▶ _Aim of the task_
Each line below from the one containing "have homo (f1" through the one containing "- by rewrite e ltnn in h." is to be given again exactly, and no line outside that span.

▶ _Dataset records_
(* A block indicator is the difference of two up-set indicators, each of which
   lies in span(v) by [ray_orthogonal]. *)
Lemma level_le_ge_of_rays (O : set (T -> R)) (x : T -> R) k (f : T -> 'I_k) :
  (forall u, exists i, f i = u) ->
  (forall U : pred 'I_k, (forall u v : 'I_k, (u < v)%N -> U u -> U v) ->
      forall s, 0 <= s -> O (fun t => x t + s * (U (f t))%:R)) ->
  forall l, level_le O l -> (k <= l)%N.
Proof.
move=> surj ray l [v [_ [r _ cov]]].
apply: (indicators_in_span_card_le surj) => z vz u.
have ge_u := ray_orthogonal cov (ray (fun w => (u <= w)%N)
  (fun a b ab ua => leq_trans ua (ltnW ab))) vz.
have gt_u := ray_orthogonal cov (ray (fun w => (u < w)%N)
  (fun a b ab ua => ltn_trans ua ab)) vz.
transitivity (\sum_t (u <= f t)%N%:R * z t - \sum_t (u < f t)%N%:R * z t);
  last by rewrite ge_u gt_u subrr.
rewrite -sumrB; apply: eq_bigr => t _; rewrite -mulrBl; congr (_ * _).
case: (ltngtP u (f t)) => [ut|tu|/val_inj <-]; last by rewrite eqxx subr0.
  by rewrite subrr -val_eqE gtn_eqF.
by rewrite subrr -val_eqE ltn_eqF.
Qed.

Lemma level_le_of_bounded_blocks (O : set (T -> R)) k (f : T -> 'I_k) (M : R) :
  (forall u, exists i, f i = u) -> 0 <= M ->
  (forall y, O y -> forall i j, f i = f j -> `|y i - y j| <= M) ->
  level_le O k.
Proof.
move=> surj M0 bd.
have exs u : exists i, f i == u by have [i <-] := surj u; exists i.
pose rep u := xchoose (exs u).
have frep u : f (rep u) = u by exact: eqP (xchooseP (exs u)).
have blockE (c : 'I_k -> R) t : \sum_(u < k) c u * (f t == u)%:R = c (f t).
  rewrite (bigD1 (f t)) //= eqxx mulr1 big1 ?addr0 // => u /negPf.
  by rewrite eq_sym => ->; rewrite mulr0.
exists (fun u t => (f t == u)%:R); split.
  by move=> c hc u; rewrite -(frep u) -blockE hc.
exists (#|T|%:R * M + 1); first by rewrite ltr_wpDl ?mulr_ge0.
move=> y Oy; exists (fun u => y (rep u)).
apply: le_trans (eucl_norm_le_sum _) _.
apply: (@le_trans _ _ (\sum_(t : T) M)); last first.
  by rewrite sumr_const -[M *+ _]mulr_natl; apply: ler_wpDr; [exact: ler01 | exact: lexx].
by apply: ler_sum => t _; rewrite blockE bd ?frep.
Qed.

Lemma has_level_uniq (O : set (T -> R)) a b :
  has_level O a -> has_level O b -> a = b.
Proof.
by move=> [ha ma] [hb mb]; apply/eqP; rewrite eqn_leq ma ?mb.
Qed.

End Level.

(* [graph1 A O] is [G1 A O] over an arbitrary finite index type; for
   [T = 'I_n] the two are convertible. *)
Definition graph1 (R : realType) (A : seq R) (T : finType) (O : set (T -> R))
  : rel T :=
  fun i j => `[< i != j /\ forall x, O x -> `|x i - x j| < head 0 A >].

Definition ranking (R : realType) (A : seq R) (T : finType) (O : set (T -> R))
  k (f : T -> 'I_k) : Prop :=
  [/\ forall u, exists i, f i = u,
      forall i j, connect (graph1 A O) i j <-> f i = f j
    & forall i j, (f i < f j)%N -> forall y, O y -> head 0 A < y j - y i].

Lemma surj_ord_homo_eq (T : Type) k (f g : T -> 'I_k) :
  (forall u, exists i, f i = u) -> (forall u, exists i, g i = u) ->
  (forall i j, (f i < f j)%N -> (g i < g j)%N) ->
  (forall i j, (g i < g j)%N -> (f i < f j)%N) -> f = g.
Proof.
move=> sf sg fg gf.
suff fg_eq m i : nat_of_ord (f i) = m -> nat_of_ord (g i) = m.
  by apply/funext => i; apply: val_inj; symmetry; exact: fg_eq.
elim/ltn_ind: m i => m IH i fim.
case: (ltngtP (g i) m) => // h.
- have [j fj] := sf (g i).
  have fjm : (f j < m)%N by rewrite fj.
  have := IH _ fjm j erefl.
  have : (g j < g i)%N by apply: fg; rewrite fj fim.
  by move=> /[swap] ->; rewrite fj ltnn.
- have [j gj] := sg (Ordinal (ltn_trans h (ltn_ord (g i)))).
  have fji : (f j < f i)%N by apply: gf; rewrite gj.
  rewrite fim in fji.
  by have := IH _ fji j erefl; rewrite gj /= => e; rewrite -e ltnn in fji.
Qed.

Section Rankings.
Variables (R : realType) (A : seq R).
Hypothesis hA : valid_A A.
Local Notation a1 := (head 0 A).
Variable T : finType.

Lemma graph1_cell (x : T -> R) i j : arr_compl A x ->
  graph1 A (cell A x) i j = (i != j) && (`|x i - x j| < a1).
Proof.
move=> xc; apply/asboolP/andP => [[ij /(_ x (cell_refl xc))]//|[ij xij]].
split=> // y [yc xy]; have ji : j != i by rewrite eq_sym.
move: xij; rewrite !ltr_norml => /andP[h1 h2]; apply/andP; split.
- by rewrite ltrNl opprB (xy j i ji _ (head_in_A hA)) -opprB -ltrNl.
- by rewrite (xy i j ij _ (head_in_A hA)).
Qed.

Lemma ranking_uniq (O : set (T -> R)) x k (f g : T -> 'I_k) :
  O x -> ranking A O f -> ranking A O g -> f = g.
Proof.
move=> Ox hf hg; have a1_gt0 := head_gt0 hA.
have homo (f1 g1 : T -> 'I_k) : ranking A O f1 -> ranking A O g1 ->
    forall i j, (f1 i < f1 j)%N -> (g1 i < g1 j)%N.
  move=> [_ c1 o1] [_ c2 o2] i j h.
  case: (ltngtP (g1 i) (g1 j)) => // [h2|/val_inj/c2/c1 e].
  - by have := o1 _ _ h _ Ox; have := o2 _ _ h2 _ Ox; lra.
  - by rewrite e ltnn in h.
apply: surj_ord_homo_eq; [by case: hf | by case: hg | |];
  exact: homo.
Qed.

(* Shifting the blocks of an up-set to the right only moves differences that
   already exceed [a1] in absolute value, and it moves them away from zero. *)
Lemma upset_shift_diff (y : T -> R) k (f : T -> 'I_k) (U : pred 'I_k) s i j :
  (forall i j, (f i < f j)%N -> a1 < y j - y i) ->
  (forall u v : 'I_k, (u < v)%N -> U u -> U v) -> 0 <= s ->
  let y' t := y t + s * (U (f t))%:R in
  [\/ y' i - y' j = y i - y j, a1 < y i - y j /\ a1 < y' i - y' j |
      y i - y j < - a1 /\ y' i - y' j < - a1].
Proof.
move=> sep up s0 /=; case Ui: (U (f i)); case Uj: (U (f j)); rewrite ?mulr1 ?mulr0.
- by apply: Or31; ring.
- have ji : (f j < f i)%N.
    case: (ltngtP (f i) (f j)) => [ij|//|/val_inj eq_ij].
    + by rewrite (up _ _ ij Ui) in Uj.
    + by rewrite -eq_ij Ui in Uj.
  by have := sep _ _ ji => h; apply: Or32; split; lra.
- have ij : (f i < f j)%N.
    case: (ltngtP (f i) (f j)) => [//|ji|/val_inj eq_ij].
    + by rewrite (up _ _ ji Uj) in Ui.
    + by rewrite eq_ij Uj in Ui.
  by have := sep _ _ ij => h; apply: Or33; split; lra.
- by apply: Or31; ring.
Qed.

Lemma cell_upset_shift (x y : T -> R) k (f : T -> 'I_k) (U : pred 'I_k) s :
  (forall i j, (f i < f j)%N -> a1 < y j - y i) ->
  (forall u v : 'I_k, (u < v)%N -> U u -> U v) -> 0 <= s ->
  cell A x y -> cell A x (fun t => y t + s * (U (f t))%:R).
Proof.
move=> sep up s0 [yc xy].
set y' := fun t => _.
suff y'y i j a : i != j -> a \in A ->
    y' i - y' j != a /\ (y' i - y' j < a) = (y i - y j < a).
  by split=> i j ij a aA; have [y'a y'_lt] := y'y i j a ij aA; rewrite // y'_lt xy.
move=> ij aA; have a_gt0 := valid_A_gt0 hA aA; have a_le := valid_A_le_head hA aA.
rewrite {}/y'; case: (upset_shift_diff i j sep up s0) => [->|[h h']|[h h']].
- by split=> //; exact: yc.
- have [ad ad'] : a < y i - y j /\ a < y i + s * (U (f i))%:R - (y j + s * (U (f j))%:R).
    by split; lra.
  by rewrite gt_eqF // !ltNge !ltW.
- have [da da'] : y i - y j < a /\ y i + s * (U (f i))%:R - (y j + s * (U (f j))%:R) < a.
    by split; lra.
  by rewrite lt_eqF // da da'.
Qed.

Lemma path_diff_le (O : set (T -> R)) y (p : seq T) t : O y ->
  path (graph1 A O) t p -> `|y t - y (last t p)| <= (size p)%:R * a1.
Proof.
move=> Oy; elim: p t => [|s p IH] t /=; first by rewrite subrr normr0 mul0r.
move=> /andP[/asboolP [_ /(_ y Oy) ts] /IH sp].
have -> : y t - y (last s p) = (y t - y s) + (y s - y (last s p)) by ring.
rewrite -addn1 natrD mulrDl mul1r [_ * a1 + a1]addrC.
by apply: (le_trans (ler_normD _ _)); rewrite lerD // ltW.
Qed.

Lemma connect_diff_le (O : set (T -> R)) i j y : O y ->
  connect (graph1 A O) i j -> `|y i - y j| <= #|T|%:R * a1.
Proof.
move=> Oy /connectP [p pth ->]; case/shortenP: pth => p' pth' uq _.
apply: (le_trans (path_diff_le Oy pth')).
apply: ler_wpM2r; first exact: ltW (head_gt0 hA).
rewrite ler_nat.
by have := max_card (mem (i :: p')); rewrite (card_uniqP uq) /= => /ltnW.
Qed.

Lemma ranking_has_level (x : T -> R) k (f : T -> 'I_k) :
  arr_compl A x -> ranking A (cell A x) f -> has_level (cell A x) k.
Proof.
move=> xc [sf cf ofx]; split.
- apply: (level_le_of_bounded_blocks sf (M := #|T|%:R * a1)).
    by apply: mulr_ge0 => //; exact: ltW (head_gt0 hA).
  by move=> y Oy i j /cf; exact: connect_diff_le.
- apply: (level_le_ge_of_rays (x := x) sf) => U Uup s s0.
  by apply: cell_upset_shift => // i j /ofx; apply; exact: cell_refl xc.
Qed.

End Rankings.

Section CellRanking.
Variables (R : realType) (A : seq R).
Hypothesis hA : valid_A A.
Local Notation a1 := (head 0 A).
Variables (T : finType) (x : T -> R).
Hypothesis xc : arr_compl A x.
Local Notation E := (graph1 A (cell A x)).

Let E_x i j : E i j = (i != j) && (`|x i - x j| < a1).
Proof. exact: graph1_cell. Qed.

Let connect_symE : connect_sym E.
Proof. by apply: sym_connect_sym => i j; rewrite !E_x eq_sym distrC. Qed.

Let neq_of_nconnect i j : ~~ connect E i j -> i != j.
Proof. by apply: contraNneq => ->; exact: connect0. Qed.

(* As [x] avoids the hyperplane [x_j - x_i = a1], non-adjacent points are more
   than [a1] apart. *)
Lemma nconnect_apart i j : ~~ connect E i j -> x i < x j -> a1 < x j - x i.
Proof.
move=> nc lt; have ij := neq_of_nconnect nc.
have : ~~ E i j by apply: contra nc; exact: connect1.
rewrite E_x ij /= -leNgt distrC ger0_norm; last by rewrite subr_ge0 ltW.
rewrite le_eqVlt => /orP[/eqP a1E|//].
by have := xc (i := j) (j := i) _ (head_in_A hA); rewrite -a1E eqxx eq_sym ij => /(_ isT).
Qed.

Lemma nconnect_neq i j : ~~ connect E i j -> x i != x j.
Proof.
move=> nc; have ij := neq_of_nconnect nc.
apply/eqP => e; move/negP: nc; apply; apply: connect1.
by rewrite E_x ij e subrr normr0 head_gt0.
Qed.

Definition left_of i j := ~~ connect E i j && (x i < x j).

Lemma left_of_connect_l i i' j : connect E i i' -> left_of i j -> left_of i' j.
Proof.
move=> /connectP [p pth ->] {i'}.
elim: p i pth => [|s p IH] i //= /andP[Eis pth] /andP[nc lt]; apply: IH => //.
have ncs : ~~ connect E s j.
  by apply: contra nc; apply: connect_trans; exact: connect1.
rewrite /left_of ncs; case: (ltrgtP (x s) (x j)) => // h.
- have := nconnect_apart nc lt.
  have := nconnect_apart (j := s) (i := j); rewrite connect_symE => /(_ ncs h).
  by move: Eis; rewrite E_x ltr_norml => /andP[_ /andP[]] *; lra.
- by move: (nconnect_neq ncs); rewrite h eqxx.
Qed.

▶ _Answer for this exercise_
have homo (f1 g1 : T -> 'I_k) : ranking A O f1 -> ranking A O g1 ->
    forall i j, (f1 i < f1 j)%N -> (g1 i < g1 j)%N.
  move=> [_ c1 o1] [_ c2 o2] i j h.
  case: (ltngtP (g1 i) (g1 j)) => // [h2|/val_inj/c2/c1 e].
  - by have := o1 _ _ h _ Ox; have := o2 _ _ h2 _ Ox; lra.
  - by rewrite e ltnn in h.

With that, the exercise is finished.